成人艳情一二三区按摩_中文字幕无码乱人伦漫画_538在线播放视频_国产免费午夜一区二区视频_亚洲综合色区另类aⅴ_大蕉无码视频在线中文字幕_久久国产精品久久精国产蜜桃AV

We call into question the recently popularized method of direct model editing as a means of correcting factual errors in LLM generations. We contrast model editing with three similar but distinct approaches that pursue better defined objectives: (1) retrieval-based architectures, which decouple factual memory from inference and linguistic capabilities embodied in LLMs; (2) concept erasure methods, which aim at preventing systemic bias in generated text; and (3) attribution methods, which aim at grounding generations into identified textual sources. We argue that direct model editing cannot be trusted as a systematic remedy for the disadvantages inherent to LLMs, and while it has proven potential in improving model explainability, it opens risks by reinforcing the notion that models can be trusted for factuality.
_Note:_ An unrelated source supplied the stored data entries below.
Lemma exists_contracting_point lam : 0 < lam ->
  (forall M : nat, exists y, 0 <= y <= 1 /\ left_end y /\
    forall j, (j <= M)%nat -> Bsum j y <= - (INR j * lam)) ->
  exists l, (forall j, Bsum j l <= - (INR j * lam)) /\ (forall r, 0 < r -> h (l - r) < h (l + r)).
Proof.
  intros Hlam Hgood.
  destruct (choice _ Hgood) as [y Hy].
  destruct (Bolzano_Weierstrass y (fun t => 0 <= t <= 1) (compact_P3 0 1) (fun M => proj1 (Hy M)))
    as [l Hl].
  exists l. split.
  - intro j. apply Rnot_lt_le; intro Hlt.
    destruct (continuity_pt_eps (Bsum j) l (birkhoff_sum_continuous f g f_cont g_cont j l)
                (Bsum j l + INR j * lam) ltac:(lra)) as [d [Hd Hdd]].
    destruct (Hl (fun z => Rabs (z - l) < d) j) as [p [Hp Hv]].
    { exists (mkposreal d Hd). intros z Hz. exact Hz. }
    destruct (Hy p) as [_ [_ Hj]]. specialize (Hj j Hp). specialize (Hdd _ Hv).
    apply Rabs_def2 in Hdd. lra.
  - intros r Hr.
    destruct (Hl (fun z => Rabs (z - l) < r / 2) O) as [p [_ Hv]].
    { exists (mkposreal (r / 2) ltac:(lra)). intros z Hz. exact Hz. }
    destruct (Hy p) as [_ [HL _]]. specialize (HL (r / 2) ltac:(lra)).
    apply Rabs_def2 in Hv.
    pose proof (h_mono (l - r) (y p - r / 2) ltac:(lra)).
    pose proof (h_mono (y p) (l + r) ltac:(lra)). lra.
Qed.
(* With the notation of the context, for all fixed frequencies, $$|S_k|\lesssim\min\big((N_2\wedge N_3)^{2-\alpha}\log(2+N_1)+N_1,\ (N_1\wedge N_2)^{2-\alpha}\log(2+N_3)+N_3\big),$$ $$|S_{k_1}|\lesssim\min\big(N_3^{2-\alpha}\log(2+N_2)+N_2,\ N_2^{2-\alpha}\log(2+N_3)+N_3\big),$$ $$|S_{k_2}|\lesssim\min\big(N_3^{2-\alpha}\log(2+N_1)+N_1,\ N_1^{2-\alpha}\log(2+N_3)+N_3\big),$$ $$|S_{k_3}|\lesssim\min\big(N_1^{2-\alpha}\log(2+N_2)+N_2,\ N_2^{2-\alpha}\log(2+N_1)+N_1\big).$$
   Context: Fix $\alpha\in(1,2)$, dyadic numbers $1\le N_1,N_2,N_3\le N$, a real number $m$ and a constant $C_0>0$. Let $S$ be the set of $(k,k_1,k_2,k_3)\in\mathbb Z^4$ with $k=k_1-k_2+k_3$, $k_2\notin\{k_1,k_3\}$, $\big||k_1|^\alpha-|k_2|^\alpha+|k_3|^\alpha-|k|^\alpha-m\big|\le C_0$, $|k|\le N$ and $|k_j|\le N_j$ for $j=1,2,3$. When some of the variables are fixed, $S$ with those variables as subscripts denotes the set of the remaining variables for which the quadruple lies in $S$ (e.g. $S_{k_1}=\{(k,k_2,k_3):(k,k_1,k_2,k_3)\in S\}$). $|A|$ is the cardinality of $A$, $a\wedge b=\min(a,b)$. $A\lesssim B$ means $A\le CB$ with $C$ depending only on $\alpha$ and $C_0$. *)

From Stdlib Require Import Reals ZArith List Lia Lra.
Import ListNotations.
Open Scope R_scope.

(* x^a for x >= 0, with the convention 0^a = 0 (a > 0). *)
Definition rpow (x a : R) : R :=
  if Req_EM_T x 0 then 0 else Rpower x a.

Definition absp (k : Z) (alpha : R) : R := rpow (IZR (Z.abs k)) alpha.

Definition dyad (n : nat) : Z := (2 ^ Z.of_nat n)%Z.

Definition inS (alpha C0 m : R) (N N1 N2 N3 : Z) (k k1 k2 k3 : Z) : bool :=
  Z.eqb k (k1 - k2 + k3)%Z && negb (Z.eqb k2 k1) && negb (Z.eqb k2 k3) &&
  (if Rle_dec (Rabs (absp k1 alpha - absp k2 alpha + absp k3 alpha
                     - absp k alpha - m)) C0 then true else false) &&
  Z.leb (Z.abs k) N && Z.leb (Z.abs k1) N1 && Z.leb (Z.abs k2) N2 &&
  Z.leb (Z.abs k3) N3.

Definition zrange (a : Z) : list Z :=
  map (fun i => (Z.of_nat i - a)%Z) (seq 0 (Z.to_nat (2 * a + 1))).

Definition box3 (a b c : Z) : list (Z * Z * Z) :=
  list_prod (list_prod (zrange a) (zrange b)) (zrange c).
We call for cautious promotion and application of model editing as part of the LLM deployment process, and for responsibly limiting the use cases of LLMs to those not relying on editing as a critical component.

相關內容

MoDELS

關注 43

ACM/IEEE第23屆模型驅動工程語言和系統國際會議，是模型驅動軟件和系統工程的首要會議系列，由ACM-SIGSOFT和IEEE-TCSE支持組織。自1998年以來，模型涵蓋了建模的各個方面，從語言和方法到工具和應用程序。模特的參加者來自不同的背景，包括研究人員、學者、工程師和工業專業人士。MODELS 2019是一個論壇，參與者可以圍繞建模和模型驅動的軟件和系統交流前沿研究成果和創新實踐經驗。今年的版本將為建模社區提供進一步推進建模基礎的機會，并在網絡物理系統、嵌入式系統、社會技術系統、云計算、大數據、機器學習、安全、開源等新興領域提出建模的創新應用以及可持續性。官網鏈接： · Cocoa · Performer · Learning · 最優化 ·

2023 年 12 月 5 日

Continual Learning with Distributed Optimization: Does CoCoA Forget?

Martin Hellkvist,Ay?a ?z?elikkale,Anders Ahlén

We focus on the continual learning problem where the tasks arrive sequentially and the aim is to perform well on the newly arrived task without performance degradation on the previously seen tasks. In contrast to the continual learning literature focusing on the centralized setting, we investigate the distributed estimation framework. We consider the well-established distributed learning algorithm COCOA. We derive closed form expressions for the iterations for the overparametrized case. We illustrate the convergence and the error performance of the algorithm based on the over/under-parameterization of the problem. Our results show that depending on the problem dimensions and data generation assumptions, COCOA can perform continual learning over a sequence of tasks, i.e., it can learn a new task without forgetting previously learned tasks, with access only to one task at a time.

Readability · 情景 · GROUP · 多樣性 · state-of-the-art ·

2023 年 12 月 4 日

Know Your Audience: Do LLMs Adapt to Different Age and Education Levels?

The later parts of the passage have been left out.